Hay un momento de la infancia en el que todo parece brillar con luz propia, los nuevos colores y sonidos embriagan nuestros sentidos y las emociones son puras. Venimos a este mundo provistos de unos ojos inocentes a través de los cuales solo vemos otros niños con los que reír y jugar. Pero detrás de cada sueño inocente y alegre, acecha una sombra capaz de transformar esos juegos en auténticas pesadillas. El mundo a su alrededor queda cubierto por un oscuro manto de miedo y tristeza que atenúa las risas y rompe su inocencia. Cuando un niño se apaga, es que algo está ocurriendo. El acoso escolar es un problema que llevamos viviendo décadas y que a día de hoy seguimos sin erradicar. En una sociedad en la que parece que "todo vale" debemos ser esas personas que defienden a los que no tienen medios para hacerlo por sí mismos. Hay niños que han sido maltratados durante tanto tiempo, que no son capaces de poner límites y debemos estar allí para ellos.

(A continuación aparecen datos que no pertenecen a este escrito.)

(* Let $\mathsf{P}$ be a program of $\mathcal{H}$. If $\mathsf{P}$ is stratified, then the perfect model of $\mathsf{Gr(P)}$ exists, and consequently the two-valued Herbrand interpretation $\mathcal{N}_\mathsf{P}$ of $\mathsf{P}$ is defined; moreover $\mathcal{N}_\mathsf{P}$ coincides with the well-founded Herbrand interpretation $\mathcal{M}_\mathsf{P}$ of $\mathsf{P}$.
   Context: Types of $\mathcal{H}$: base types $\iota,o$; predicate types $\pi::=o\mid\rho\to\pi$; argument types $\rho::=\iota\mid\pi$. Terms are built from predicate/individual variables and constants and function symbols (types $\iota^n\to\iota$) by typed application; atoms are terms of type $o$; literals are atoms, equalities $(\mathsf{E}_1\approx\mathsf{E}_2)$ of terms of type $\iota$, and negated atoms $\sim\mathsf{E}$. A clause is $\mathsf{p}\,\mathsf{V}_1\cdots\mathsf{V}_n\leftarrow\mathsf{L}_1,\dots,\mathsf{L}_m$ with $\mathsf{p}$ a predicate constant of type $\rho_1\to\cdots\to\rho_n\to o$, distinct variables $\mathsf{V}_i:\rho_i$, literals $\mathsf{L}_j$; a program is a finite set of clauses. Stratified: predicate type $\pi$ is greater than $\pi'$ if $\pi=\rho_1\to\cdots\to\rho_n\to\pi'$, $n\ge1$. $\mathsf{P}$ is stratified if its predicate constants can be partitioned into finitely many sets $S_1,\dots,S_r$ ($\mathit{stratum}(\mathsf{r})=i$ iff $\mathsf{r}\in S_i$) such that for every clause $\mathsf{H}\leftarrow\mathsf{A}_1,\dots,\mathsf{A}_m,\sim\mathsf{B}_1,\dots,\sim\mathsf{B}_n$ with head predicate constant $\mathsf{p}$: if $\mathsf{A}_i$ starts with predicate constant $\mathsf{q}$ then $\mathit{stratum}(\mathsf{q})\le\mathit{stratum}(\mathsf{p})$; if $\mathsf{A}_i$ starts with predicate variable $\mathsf{Q}$ then $\mathit{stratum}(\mathsf{q})\le\mathit{stratum}(\mathsf{p})$ for all predicate constants $\mathsf{q}$ of $\mathsf{P}$ of type greater than or equal to that of $\mathsf{Q}$; if $\mathsf{B}_i$ starts with predicate constant $\mathsf{q}$ then $\mathit{stratum}(\mathsf{q})<\mathit{stratum}(\mathsf{p})$; if $\mathsf{B}_i$ starts with predicate variable $\mathsf{Q}$ then $\mathit{stratum}(\mathsf{q})<\mathit{stratum}(\mathsf{p})$ for all predicate constants $\mathsf{q}$ of $\mathsf{P}$ of type greater than or equal to that of $\mathsf{Q}$. Semantics: $U_{\mathsf{P},\rho}$ is the set of ground terms of type $\rho$ built from symbols of $\mathsf{P}$; $\mathsf{Gr(P)}$ is the set of all clauses obtained from clauses of $\mathsf{P}$ by substituting for each variable an element of $U_{\mathsf{P},\rho}$ of its type, regarded as a (possibly infinite) propositional program over the ground atoms $U_{\mathsf{P},o}$ (ground equalities being constants true/false according to syntactic identity). The perfect model of $\mathsf{Gr(P)}$ is the standard (two-valued) perfect model of a propositional program (in the sense of Przymusinski), when it exists; the well-founded model is the standard three-valued well-founded model. $\mathcal{N}_\mathsf{P}$ (resp. $\mathcal{M}_\mathsf{P}$) is the Herbrand interpretation of $\mathsf{P}$ — symbols interpreted by themselves, application syntactic — whose valuation assigns to every ground atom its value in the perfect model (resp. well-founded model) of $\mathsf{Gr(P)}$; Herbrand interpretations are identified when their valuation functions coincide. *)

From Stdlib Require Import List Arith.
Import ListNotations.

La inocencia de un niño debe ser siempre cuidada. A veces surgen desde sus propios compañeros actos contra su integridad física y psicológica que hacen que su mundo se apague. Si nacemos inocentes, ¿de dónde viene esa maldad que invade a algunas personas? Muchas veces el entorno modela esta clase de comportamientos que quedan muy lejos de ser producto de la misma mente curiosa que simplemente quería compañeros con los que jugar. Para que a edades tan tempranas surja ese desprecio por cultura, origen o por cualquier diferencia física o intelectual, debe haber un entorno que lleve a ello, no viene innato.
Es necesario educar a la sociedad y hacer ver que tiene la misma responsabilidad aquel que causa directamente el daño como el que es testigo y no lo impide. El silencio es también un arma que puede llevar a estas inocentes almas al fondo de un oscuro pozo en el que sus gritos de ayuda parecen ser ahogados. Los ecos del silencio dejan huella y la educación es clave para escucharlos y protegerlos.